This grossly understates the risks children were exposed to, with real consequences. One teacher implicated in the sex education lesson was later convicted for sexually abusing a 14-year-old girl he referred to as his “wife”.

15.

Powerful men and institutions are adept at throwing around accusations of racism or anti-faith bigotry to undermine the credibility of people speaking up about child protection: see the treatment of those who tried to flag child sexual abuse in the Catholic church, or the Rotherham inquiry’s finding that nervousness about cultural sensitivities impeded the exposure of child sexual abuse by predominantly Asian grooming gangs.
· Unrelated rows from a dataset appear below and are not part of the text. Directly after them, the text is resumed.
(* Let $\mathbf{A}=\langle A;P\rangle$ be a partial algebra with more than one element, and let $\mathbf{A}_0$ be its one-point completion. Then for every $n$: (1) any generating set for $\mathbf{A}^n$ is a generating set for $\mathbf{A}_0^n$, and (2) any generating set for $\mathbf{A}_0^n$ contains a generating set for $\mathbf{A}^n$. In particular, least size generating sets for $\mathbf{A}^n$ and $\mathbf{A}_0^n$ have the same size, and if $\mathbf{A}^n$ or $\mathbf{A}_0^n$ have any minimal generating sets, then they are the same.
   Context: A partial algebra is a set equipped with a set of partial operations. Powers of partial algebras are formed coordinatewise: a partial operation is defined on a tuple of elements of $A^n$ exactly when it is defined in each coordinate. A subset $G$ generates a partial algebra if the smallest subset containing $G$ and closed under all partial operations (whenever defined) is the whole universe. The one-point completion of $\mathbf{A}=\langle A;P\rangle$ is the total algebra $\mathbf{A}_0$ with universe $A_0=A\cup\{0\}$, where $0\notin A$, and operations $\{p_0: p\in P\}\cup\{\wedge\}$: if $p\in P$ is an $m$-ary partial operation with domain $D\subseteq A^m$, then $p_0(\vec a)=p(\vec a)$ for $\vec a\in D$ and $p_0(\vec a)=0$ for $\vec a\in A_0^m\setminus D$; and $a\wedge b=a$ if $a=b$, $a\wedge b=0$ otherwise. *)

From mathcomp Require Import all_boot.
From Stdlib Require Import ClassicalEpsilon.

Set Implicit Arguments.
Unset Strict Implicit.
Unset Printing Implicit Defensive.

(* A partial algebra <A; P>: carrier [carrier], the operation symbols are
   indexed by [opI]; symbol [i] has arity [arity i], domain
   [pdom i] (a psubset of A^(arity i)), and value [pop i] (only relevant
   on the domain). *)
Record palg := PAlg {
  carrier : Type;
  opI : Type;
  arity : opI -> nat;
  pdom : forall i, ('I_(arity i) -> carrier) -> Prop;
  pop : forall i, ('I_(arity i) -> carrier) -> carrier
}.

Definition psubset (X : Type) (S T : X -> Prop) := forall x, S x -> T x.

Definition closed (B : palg) (S : carrier B -> Prop) :=
  forall i (a : 'I_(arity i) -> carrier B),
    (forall j, S (a j)) -> pdom a -> S (pop a).

Definition gen_by (B : palg) (G : carrier B -> Prop) (x : carrier B) :=
  forall S, psubset G S -> closed S -> S x.

Definition generates (B : palg) (G : carrier B -> Prop) :=
  forall x, gen_by G x.

Definition minimal_gen (B : palg) (G : carrier B -> Prop) :=
  generates G /\ forall H, psubset H G -> generates H -> psubset G H.

Definition ppow (B : palg) (n : nat) : palg :=
  @PAlg ('I_n -> carrier B) (opI B) (@arity B)
    (fun i a => forall k : 'I_n, pdom (fun j => a j k))
    (fun i a => fun k : 'I_n => pop (fun j => a j k)).

(* One-point completion. The universe is [option A], with [None] playing
   the role of the new element 0. *)
Definition p0 (B : palg) (i : opI B) (a : 'I_(arity i) -> option (carrier B))
  : option (carrier B) :=
  match excluded_middle_informative
          (exists b : 'I_(arity i) -> carrier B,
              (forall j, a j = Some (b j)) /\ pdom b) with
  | left H => Some (pop (proj1_sig (constructive_indefinite_description _ H)))
  | right _ => None
  end.

Definition meet0 (X : Type) (a : 'I_2 -> option X) : option X :=
  match excluded_middle_informative (a ord0 = a (@Ordinal 2 1 isT)) with
  | left _ => a ord0
  | right _ => None
  end.

Definition arity0 (B : palg) (i : option (opI B)) : nat :=
  match i with Some i' => arity i' | None => 2 end.

Definition pop0 (B : palg) (i : option (opI B)) :
  ('I_(arity0 i) -> option (carrier B)) -> option (carrier B) :=
  match i as i0 return ('I_(arity0 i0) -> option (carrier B)) -> option (carrier B) with
  | Some i' => fun a => p0 a
  | None => fun a => @meet0 (carrier B) a
  end.

Definition completion (B : palg) : palg :=
  @PAlg (option (carrier B)) (option (opI B)) (@arity0 B)
    (fun _ _ => True) (@pop0 B).

Definition embed (X : Type) (n : nat) (g : 'I_n -> X) : 'I_n -> option X :=
  fun k => Some (g k).

Definition embed_set (X : Type) (n : nat) (G : ('I_n -> X) -> Prop)
  : ('I_n -> option X) -> Prop :=
  fun y => exists g, G g /\ y = embed g.

Definition card_le (X : Type) (G : X -> Prop) (K : Type) :=
  exists f : {x | G x} -> K, forall u v, f u = f v -> u = v.

From Pilot Require Import Defs.
From mathcomp Require Import all_boot.
From Stdlib Require Import ClassicalEpsilon FunctionalExtensionality ProofIrrelevance.

Set Implicit Arguments.
Unset Strict Implicit.

(* An operation of A_0^n returns a tuple free of 0 only if all its arguments are
   free of 0 and (for a p_0) the operation p is defined coordinatewise in A.
   Hence the 0-free part of a subuniverse of A_0^n is a subuniverse of A^n,
   which gives (2).  For (1), a tuple y with zeros is the meet of the two 0-free
   tuples obtained by filling the zeros of y with two distinct elements a, b.
   The statements on sizes and minimal generating sets then only use that the
   embedding A^n -> A_0^n is injective. *)

Lemma embed_inj (X : Type) n : injective (@embed X n).
Proof.
move=> g1 g2 E; apply: functional_extensionality => k.
by case: (f_equal (fun f => f k) E).
Qed.

Lemma embed_setE (X : Type) n (G : ('I_n -> X) -> Prop) g :
  embed_set G (embed g) <-> G g.
Proof. by split => [[h [Gh /embed_inj ->]] | Gg]; last exists g. Qed.

Lemma generates_ext (B : palg) (G H : carrier B -> Prop) :
  (forall y, G y <-> H y) -> generates G -> generates H.
Proof. by move=> GH genG x S HS; apply: genG => y /GH /HS. Qed.

Section CardLe.

Variables (X Y K : Type) (f : X -> Y).

Lemma card_le_image (G : X -> Prop) :
  card_le G K -> card_le (fun y => exists x, G x /\ y = f x) K.
Proof.
move=> [h h_inj].
pose pre (y : {y | exists x, G x /\ y = f x}) :=
  constructive_indefinite_description _ (proj2_sig y).
exists (fun y => h (exist G (proj1_sig (pre y)) (proj1 (proj2_sig (pre y))))).
move=> [y1 p1] [y2 p2]; rewrite /pre /=.
case: (constructive_indefinite_description _ p1) => x1 [Gx1 E1].
case: (constructive_indefinite_description _ p2) => x2 [Gx2 E2] /= /h_inj E.
have Ex : x1 = x2 := f_equal (@proj1_sig _ _) E.
subst; by rewrite (proof_irrelevance _ p1 p2).
Qed.

Lemma card_le_preimage (H : Y -> Prop) :
  injective f -> card_le H K -> card_le (fun x => H (f x)) K.
Proof.
move=> f_inj [h h_inj]; exists (fun x => h (exist H (f (proj1_sig x)) (proj2_sig x))).
move=> [x1 p1] [x2 p2] /h_inj E.
have Ex : x1 = x2 := f_inj _ _ (f_equal (@proj1_sig _ _) E).
subst; by rewrite (proof_irrelevance _ p1 p2).
Qed.

End CardLe.

Lemma p0_Some (B : palg) (i : opI B) (b : 'I_(arity i) -> carrier B) :
  pdom b -> p0 (fun j => Some (b j)) = Some (pop b).
Proof.
move=> dom_b; rewrite /p0; case: excluded_middle_informative => [e|]; last first.
  by case; exists b.
case: (constructive_indefinite_description _ e) => b' [Eb' _] /=.
congr (Some (pop _)); apply: functional_extensionality => j.
by case: (Eb' j).
Qed.

Lemma p0_eq_Some (B : palg) (i : opI B) (c : 'I_(arity i) -> option (carrier B)) v :
  p0 c = Some v -> exists b, (forall j, c j = Some (b j)) /\ pdom b /\ v = pop b.
Proof.
rewrite /p0; case: excluded_middle_informative => [e|] //.
by case: (constructive_indefinite_description _ e) => b [Eb dom_b] /= [<-]; exists b.
Qed.

Section Completion.

Variables (B : palg) (n : nat).

Local Notation An := (ppow B n).
Local Notation A0n := (ppow (completion B) n).

Lemma pop_Some_embed i (c : 'I_(arity i) -> carrier A0n) (g : carrier An) :
  @pop A0n (Some i) c = embed g ->
  exists d, c = (fun j => embed (d j)) /\ @pdom An i d /\ g = @pop An i d.
Proof.
move=> E.
have Ek k : exists bk, (forall j, c j k = Some (bk j)) /\ pdom bk /\ g k = pop bk.
  by apply: p0_eq_Some; exact: (f_equal (fun f => f k) E).
pose d j k := if c j k is Some x then x else g k.
have dE k bk : (forall j, c j k = Some (bk j)) -> (fun j => d j k) = bk.
  by move=> Ebk; apply: functional_extensionality => j; rewrite /d Ebk.
exists d; split; last split.
- apply: functional_extensionality => j; apply: functional_extensionality => k.
  by case: (Ek k) => bk [Ebk _]; rewrite /embed /d Ebk.
- by move=> k /=; case: (Ek k) => bk [Ebk [dom_bk _]]; rewrite (dE k bk Ebk).
- apply: functional_extensionality => k /=.
  by case: (Ek k) => bk [Ebk [_ ->]]; rewrite (dE k bk Ebk).
Qed.

Lemma pop_meet_embed (c : 'I_2 -> carrier A0n) (g : carrier An) :
  @pop A0n None c = embed g -> c ord0 = embed g.
Proof.
move=> E; apply: functional_extensionality => k.
move: (f_equal (fun f => f k) E); rewrite /= /meet0.
by case: excluded_middle_informative.
Qed.

Lemma closed_embed_preimage (S : carrier An -> Prop) :
  Defs.closed S -> @Defs.closed A0n (fun y => forall g, y = embed g -> S g).
Proof.
move=> closedS [i|] c Sc _ g Eg.
- have [d [Ec [dom_d ->]]] := pop_Some_embed Eg.
  by apply: closedS dom_d => j; apply: Sc; rewrite Ec.
- exact: Sc ord0 g (pop_meet_embed Eg).
Qed.

Lemma closed_comp_embed (S : carrier A0n -> Prop) :
  Defs.closed S -> @Defs.closed An (fun x => S (embed x)).
Proof.
move=> closedS i d Sd dom_d.
have <- : @pop A0n (Some i) (fun j => embed (d j)) = embed (@pop An i d).
  by apply: functional_extensionality => k; apply: p0_Some.
exact: closedS.
Qed.

Lemma generates_comp_embed (G0 : carrier A0n -> Prop) :
  generates G0 -> @generates An (fun g => G0 (embed g)).
Proof.
move=> genG0 x S GS closedS.
apply: (genG0 (embed x) _ _ (closed_embed_preimage closedS)) => // y G0y g Ey.
by apply: GS; rewrite -Ey.
Qed.

Variables a b : carrier B.
Hypothesis neq_ab : a <> b.

Lemma pop_meet_fill (y : carrier A0n) :
  @pop A0n None (fun j : 'I_2 => embed (fun k => odflt (if val j == 0 then a else b) (y k)))
  = y.
Proof.
apply: functional_extensionality => k; rewrite /= /meet0 /embed.
case: excluded_middle_informative; case: (y k) => [x|] //= E.
by case: neq_ab; case: E.
Qed.

Lemma generates_embed_set (G : carrier An -> Prop) :
  generates G -> @generates A0n (embed_set G).
Proof.
move=> genG y S GS closedS; rewrite -(pop_meet_fill y).
apply: (closedS None) => // j; apply: (genG _ (fun x => S (embed x))).
  by move=> x Gx; apply/GS/embed_setE.
exact: closed_comp_embed closedS.
Qed.

Lemma minimal_gen_comp_embed (G0 : carrier A0n -> Prop) :
  minimal_gen G0 ->
  @minimal_gen An (fun g => G0 (embed g)) /\ forall y, G0 y <-> embed_set (fun g => G0 (embed g)) y.
Proof.
move=> [genG0 minG0].
have sub_G0 H : psubset H (fun g => G0 (embed g)) -> psubset (embed_set H) G0.
  by move=> HG0 _ [g [Hg ->]]; apply: HG0.
split=> [|y]; last first.
  split; last exact: sub_G0.
  by apply: minG0 y; [exact: sub_G0 | exact: generates_embed_set (generates_comp_embed genG0)].
split=> [|H HG0 genH g G0g]; first exact: generates_comp_embed.
by apply/(@embed_setE (carrier B)); apply: minG0 (sub_G0 _ HG0) (generates_embed_set genH) _ G0g.
Qed.

Lemma minimal_gen_embed_set (G : carrier An -> Prop) (G0 : carrier A0n -> Prop) :
  minimal_gen G -> (forall y, G0 y <-> embed_set G y) -> minimal_gen G0.
Proof.
move=> [genG minG] G0E; split=> [|H HG0 genH y /G0E [g [Gg ->]]].
  by apply: generates_ext (generates_embed_set genG) => y; split => /G0E.
have sub_G : psubset (fun g => H (embed g)) G.
  by move=> h /HG0 /G0E /embed_setE.
exact: minG sub_G (generates_comp_embed genH) g Gg.
Qed.

End Completion.

Theorem theorem3p2 (B : palg) :
  (exists a b : carrier B, a <> b) ->
  forall n : nat,
    (* (1) *)
    (forall G : carrier (ppow B n) -> Prop,
        generates G ->
        @generates (ppow (completion B) n) (embed_set G)) /\
    (* (2) *)
    (forall G0 : carrier (ppow (completion B) n) -> Prop,
        generates G0 ->
        exists G : carrier (ppow B n) -> Prop,
          generates G /\ psubset (embed_set G) G0) /\
    (* least size generating sets have the same size *)
    (forall K : Type,
        (exists G : carrier (ppow B n) -> Prop, generates G /\ card_le G K) <->
        (exists G0 : carrier (ppow (completion B) n) -> Prop,
            generates G0 /\ card_le G0 K)) /\
    (* the minimal generating sets are the same *)
    (forall G0 : carrier (ppow (completion B) n) -> Prop,
        minimal_gen G0 <->
        exists G : carrier (ppow B n) -> Prop,
          minimal_gen G /\ forall y, G0 y <-> embed_set G y).
Proof.
move=> [a [b neq_ab]] n.
have gen_embed := generates_embed_set neq_ab (n := n).
split; first exact: gen_embed.
split.
  move=> G0 genG0; exists (fun g => G0 (embed g)).
  by split; [exact: generates_comp_embed | move=> _ [g [G0g ->]]].
split.
  move=> K; split=> [[G [genG leGK]] | [G0 [genG0 leG0K]]].
    by exists (embed_set G); split; [exact: gen_embed | exact: card_le_image leGK].
  exists (fun g => G0 (embed g)).
  by split; [exact: generates_comp_embed | exact: card_le_preimage (@embed_inj _ n) leG0K].
move=> G0; split=> [minG0 | [G [minG G0E]]].
  by exists (fun g => G0 (embed g)); apply: minimal_gen_comp_embed neq_ab _ minG0.
exact: (minimal_gen_embed_set neq_ab minG G0E).
Qed.
Lemma lt_2_of_cubic (b : R) : b ^ 3 - 2 * b ^ 2 + 2 * b = 2 -> b < 2.
Proof. intros Hb. nra. Qed.

Theorem theorem6p6 (beta beta_star : R)
  (Hstar : beta_star ^ 3 - 2 * beta_star ^ 2 + 2 * beta_star = 2)
  (Hlo : 3 / 2 < beta) (Hhi : beta <= beta_star)
  (z : point) (Hz : S_beta beta z)
  (a : nat -> digit) (Ha : represents beta a z) :
  exists omega : Omega, forall n : nat, a n = dseq beta (omega, z) n.
Proof.
  assert (beta_range : 3/2 < beta < 2) by (pose proof (lt_2_of_cubic _ Hstar); lra).
  exists (omega_for beta a z). intro n. symmetry. exact (dseq_omega_for beta a z beta_range Ha n).
Qed.
Theorem lemma7p6 (R : realType) (X : ptopologicalType)
  (rho : X -> X -> R) (X0 : set X)
  (mu : set X -> X -> {measure set (BorelT X) -> \bar R})
  (G : X -> X -> \bar R)
  (w : BorelT X -> R)
  (rhot : X -> X -> R) (gamma C : R) :
  is_metric rho -> induces_topology rho -> separable X ->
  open X0 -> X0 != setT ->
  kernel_family mu ->
  (forall x y, (0 < G x y)%E) ->
  measurable_fun setT (fun p : (BorelT X * BorelT X)%type => G p.1 p.2) ->
  G2' X0 mu G w -> HJ' X0 mu G ->
  is_metric rhot -> induces_topology rhot ->
  1 <= gamma -> 1 <= C ->
  (forall x y, (C^-1)%:E * negpow (rhot x y) gamma <= Gt G w x y /\
               Gt G w x y <= C%:E * negpow (rhot x y) gamma)%E ->
  exists alphat cJt : R, [/\ 0 < alphat < 1, 1 <= cJt &
    forall x, X0 x -> forall r : R, 0 < r -> (r%:E < alphat%:E * R0 rhot X0 x)%E ->
      forall y, Uball rhot x (alphat ^+ 2 * r) y ->
      forall E : set (BorelT X), measurable E -> E `<=` ~` Uball rhot x r ->
        (mut mu w (Uball rhot x (alphat * r)) x E
           <= cJt%:E * mut mu w (Uball rhot x r) y E)%E].
Proof.
move=> _ _ _ _ _ mu_kernel G_gt0 _ [_ [[w_meas w01] _ _ [lam lam_gt0 lam_le] _]]
  [alpha [cJ [/andP[alpha_gt0 alpha_lt1] cJ_ge1 HJ]]] rhot_metric rhot_top
  gamma_ge1 C_ge1 Gt_bounds.
have w_gt0 z : 0 < w z by case/andP: (w01 z).
have w_le1 z : w z <= 1 by case/andP: (w01 z).
pose l := Num.min lam 1.
have l_gt0 : 0 < l by rewrite lt_min lam_gt0 ltr01.
have l_le1 : l <= 1 by rewrite ge_min lexx orbT.
have l_le_w z : X0 z -> l <= w z by move=> /lam_le; rewrite ge_min => ->.
have b_gt0 := alpha_tilde_gt0 l_gt0 alpha_gt0 C_ge1.
have b_lt1 := le_lt_trans (alpha_tilde_le l_gt0 l_le1 alpha_gt0 C_ge1) alpha_lt1.
exists (alpha_tilde l alpha C), (cJ / l); split; first by rewrite b_gt0.
  by rewrite ler_pdivlMr // mul1r (le_trans l_le1).
move=> x X0x r r_gt0 r_lt y y_near E mE E_far.
apply: (mut_Uball_le mu_kernel G_gt0 w_meas w_gt0 w_le1 rhot_metric rhot_top
  gamma_ge1 C_ge1 (fun x y => (Gt_bounds x y).2) (fun x y => (Gt_bounds x y).1)
  l_gt0 l_le1 l_le_w alpha_gt0 (ltW alpha_lt1) (le_trans ler01 cJ_ge1) HJ) => //.
rewrite ltNge; apply: contraTN r_lt => R0_le_r; rewrite -leNgt.
apply: le_trans (lee_wpmul2l _ R0_le_r) _; first by rewrite lee_fin ltW.
by rewrite -EFinM lee_fin ger_pMl // ltW.
Qed.
(* Let $C,D$ be category presentations. The construction $P\mapsto\overline P$, $F\mapsto\overline F$ defines a functor $\overline{(-)}:\mathbf{Curr}(C,D)\to\mathbf{UnCurr}(C,D)$ which preserves provable equality of morphisms (if $F\approx G$ then $\overline F\approx\overline G$) and such that there is an isomorphism $[\![\overline P]\!]\cong[\![P]\!]$ in $\mathbf{Prof}([\![C]\!],[\![D]\!])$, natural in $P\in\mathbf{Curr}(C,D)$. Furthermore, if $C$ and $D$ are finite, $\overline{(-)}$ restricts to a functor $\mathbf{FinCurr}(C,D)\to\mathbf{FinUnCurr}(C,D)$.
   Context: Category presentations $C$: sorts, function symbols $f:c\to c'$, equations $C_E$ between parallel paths; finite if all these are finite sets. $\approx_C$: smallest equivalence relation on paths containing $C_E$ and closed under concatenation with composable function symbols; $[\![C]\!]$: sorts as objects, $\approx_C$-classes of paths as morphisms. Profunctors $\mathcal C\nrightarrow\mathcal D$: categories over $\mathbf 2=\{0\to1\}$ with fibres $\mathcal C,\mathcal D$ (equivalently functors $\mathcal C^{op}\times\mathcal D\to\mathbf{Set}$); $\mathbf{Prof}(\mathcal C,\mathcal D)$: functors over $\mathbf 2$ restricting to identities on $\mathcal C,\mathcal D$. Uncurried presentations $P:C\nrightarrow D$: a set $\mathrm{Fun}(P)$ of symbols $x:c\to d$ ($c$ a $C$-sort, $d$ a $D$-sort) and a set $P_E$ of equations between cross-paths (paths from a $C$-sort to a $D$-sort) in the category presentation $|P|$ with sorts $\mathrm{Sort}(C)+\mathrm{Sort}(D)$, function symbols $\mathrm{Fun}(C)+\mathrm{Fun}(P)+\mathrm{Fun}(D)$, equations $C_E+P_E+D_E$; $\approx_P$ is $\approx_{|P|}$ restricted to cross-paths. Morphisms $F:P\to P'$ send each $x:c\to d$ to a cross-path $F(x):c\to d$ of $P'$ such that the extension $|F|$ (identity on $C$ and $D$) sends every equation of $|P|$ to a $\approx_{|P'|}$-provable equality; $F\approx F'$ iff $F(x)\approx_{P'}F'(x)$ for all $x$. Category $\mathbf{UnCurr}(C,D)$; $\mathbf{FinUnCurr}(C,D)$ the full subcategory with $\mathrm{Fun}(P)$, $P_E$ finite. Semantics $[\![P]\!]=[\![|P|]\!]$ over $\mathbf 2$ ($C$-sorts over $0$), $[\![F]\!]=[\![|F|]\!]$. Instance presentations: a $D$-instance presentation $I$ has generators $x:d$ and equations between terms $x.g$ ($g$ a $D$-path); $\approx_I$ is the smallest equivalence relation on terms containing $I_E$, closed under right concatenation with $D$-function symbols, identifying $t.p,t.q$ for equations $p=q$ of $D_E$. Morphisms $F:I\to J$ send generators $x:d$ to terms $F(x):d$ respecting equations up to $\approx_J$; $F(x.g):=F(x).g$; $F\approx G$ iff $F(x)\approx_J G(x)$. Curried presentations $P:C\nrightarrow D$: $D$-instance presentations $P(c)$ for sorts $c$, $D$-instance morphisms $P(f):P(c')\to P(c)$ for function symbols $f:c\to c'$, with $P(p)\approx P(p')$ for equations $p=p'$ of $C_E$ ($P(f_1.\cdots.f_n):=P(f_n)\circ\cdots\circ P(f_1)$). Morphisms: families $F_c:P(c)\to P'(c)$ with $F_c\circ P(f)\approx P'(f)\circ F_{c'}$; category $\mathbf{Curr}(C,D)$; $F\approx G$ iff $F_c\approx G_c$ for all $c$; $\mathbf{FinCurr}(C,D)$ the full subcategory where all $P(c)$ are finite. Semantics: $[\![P]\!](c,d)=\{\approx_{P(c)}\text{-classes of terms of type } d\}$, $[f]$ acting by $[t]\mapsto[P(f)(t)]$ and $[g]$ by $[t]\mapsto[t.g]$. Uncurrying: for a curried $P$, $\overline P$ is the uncurried presentation $C\nrightarrow D$ with a symbol $\overline p:c\to d$ for each sort $c$ of $C$ and each generator $p:d$ of $P(c)$; for terms set $\overline{p.g}:=\overline p.g$; equations: $\overline t=\overline{t'}$ for each sort $c$ and equation $t=t'$ of $P(c)$, and $f.\overline p=\overline{P(f)(p)}$ for each function symbol $f:c\to c'$ of $C$ and generator $p$ of $P(c')$. For a morphism $F$, $\overline F(\overline p):=\overline{F_c(p)}$. *)

From Stdlib Require Import List.
Import ListNotations.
The kindest interpretation here is that Syed and Reed are reporting a story about child protection without knowing the first thing about it. How else to make sense of their indignation that the government wheeled out no child witnesses in the relevant teacher disciplinary hearings?

16.

Another thing Syed and Reed appear to have little understanding of is the personal costs involved in Whistleblowing. A DfE official who visited one of the schools said she had never seen so many distressed, frightened and crying members of staff. A female Muslim whistleblower told me about the abuse and intimidation she has faced as a result of speaking out. Shaista Gohir, chair of the Birmingham-based Muslim Women’s Network UK, was approached by Muslim females from these schools and articulated their concerns at the time. It led to people threatening to harm her children.

17.

The silencing of Asian women trying to call out the sexism of certain Asian men is a common theme that comes up when I write about these issues. “The issue is not just how Muslims are treated by other people, but how Muslim women and girls are being treated by men in their own community,” Gohir told me. “Being accused of stoking up Islamophobia is the price I pay for raising concerns about child safeguarding and misogyny.”

18.

The idea that conservative men like Tahir Alam represent British Islam is plain wrong: surveys show the majority of British Muslims reject the ultra-conservative form of Islam that was found to be influencing these non-faith state schools. Conflating the defence of Alam with the defence of Islam does no one any favours. Syed’s apparent determination to make the facts fit his precooked narrative is paired with Reed’s meditations on race, which seem to use Syed’s experience of racism to excuse his questionable approach to journalism: the soft bigotry of low expectations.

19.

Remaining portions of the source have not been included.